Description
Description of the problem
When rejuding a large contest or getting a lot of submission for problems with many testcases, it could be possible that some submissions are taking much longer wall time than their CPU time. With a short timelimit overshoot these submissions might be judged as TLE even if they are correct.
And this is actually what happens in a recent ICPC Asia Regional Contest (with ~350 teams and an easy problem with 50 testcases). After taking a lot time bisecting kernel and debugging, it was found out that a lock contention issue (2 global locks: shrinker_rwsem
and cgroup_mutex
) in kernel < 6.3 under heavy load might block kernel operations such as cgroup and page fault handling inside memory cgroup for several seconds.
(This is fixed (or alleviated) after kernel commit torvalds/linux@da27f79)
Though it is impossible for judgedaemon (runguard) to "fix" this issue by code, mentioning the kernel issue in documentation could be helpful for server admins.
Your environment
- DOMjudge/Webserver: any compatible version
- OS: Ubuntu 22.04 with kernel 5.15 (default) or 6.2 (latest generic kernel in jammy repo)

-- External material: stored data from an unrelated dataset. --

Lemma bad_set_summable : (\sum_(k <oo) (lam \x lam) (bad_set k) < +oo)%E.
Proof.
apply: le_lt_trans (ltry 12); apply: lime_le.
  by apply: is_cvg_nneseries => n _ _; exact: measure_ge0.
apply: nearW => N.
apply: (le_trans (y := \sum_(0 <= k < N) (6 / pow2 k)%:E)%E).
  by apply: lee_sum => k _; exact: bad_set_measure_le.
rewrite sumEFin lee_fin.
have v_ge0 i : 0 <= 6 / pow2 i by rewrite divr_ge0 // ltW // pow2_gt0.
have v_half i : 2 * (6 / pow2 i.+1) <= 6 / pow2 i.
  rewrite expnS natrM le_eqVlt; apply/orP; left; apply/eqP.
  by field; rewrite ?lt0r_neq0 ?pow2_gt0.
have := @sum_halving_le _ (fun i => 6 / pow2 i) v_ge0 v_half 0 N.
by rewrite add0n expn0 divr1; have := v_ge0 N; lra.
Qed.

End Construction.

Theorem theorem4p7 (R : realType) (s : nat -> R)
  (s_pos : forall n : nat, (0 < n)%N -> 0 < s n)
  (s_super : (fun n : nat => s n / n%:R) @ \oo --> +oo) :
  exists beta : R, (@irrational R) beta /\
    {ae ((@lebesgue_measure R) \x (@lebesgue_measure R))%E,
      forall p : R * R,
        p.1 \in `[0, 1[ -> p.2 \in `[0, 1[ ->
        limn_einf (fun n : nat =>
          (s n * dist_int (iter n (rotation beta) p.1 - p.2))%:E) = +oo%E}.
Proof.
have thr_spec M : exists N, forall n, (N <= n)%N -> M%:R <= s n / n%:R.
  by have [N _ HN] := (cvgryPge _).1 s_super M%:R; exists N => n; exact: HN.
pose thr M := proj1_sig (cid (thr_spec M)).
have s_large M n : (thr M <= n)%N -> M%:R <= s n / n%:R.
  exact: (proj2_sig (cid (thr_spec M))).
exists (liouville_beta R thr); split; first exact: liouville_beta_irrational.
exists (lim_sup_set (bad_set R thr)); split.
- apply: bigcap_measurable => // K _.
  by apply: bigcup_measurable => k _; exact: bad_set_measurable.
- apply: lim_sup_set_cvg0; [exact: bad_set_measurable | exact: bad_set_summable].
move=> [x y] /= not_lim K _; apply: contrapT => hK; apply: not_lim => hx hy.
apply: (@liminf_rotation_infty R thr s s_large x y).
  by move: hx hy; rewrite !in_itv /= ltr_norml => /andP[? ?] /andP[? ?]; lra.
by exists K => k Kk near; apply: hK; exists k => //.
Qed.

- Tested under a KVM with 32 cores and 21 or 30 judgedaemons, and a bare metal 2 CPUs (40 cores) server with 21 judgedaemons.
Steps to reproduce
Submit a correct solution many times at once like:
for i in $(seq 1 1000); ~/Downloads/domjudge-8.2.2/submit/submit --url http://localhost:12345/ --contest test -y G.cpp; end
And wait for it to be done.
Expected behaviour
Reasonable judgehost system load, and no submission takes a wall time much longer than its CPU time.
Actual behaviour
Judgehost system load >= 2 * judgedaemon number. With timelimit overshoot set to 1s|10%
, some submissions are judged as TLE even they only take a very short CPU time. The judgement is very slow.
Any other information that you want to share?
#2157 mentions about "the call cgroup_delete_cgroup_ext
did sometimes hang for multiple seconds". I'm afraid that a double check for this contest rejudgement might be necessary to ensure no correct solutions are judged as TLE...
If you are interested in this specific kernel issue, I have also written a blog post (Simp. Chinese) to help explain this to contestants affected in this regional contest, and for server admins in later contests.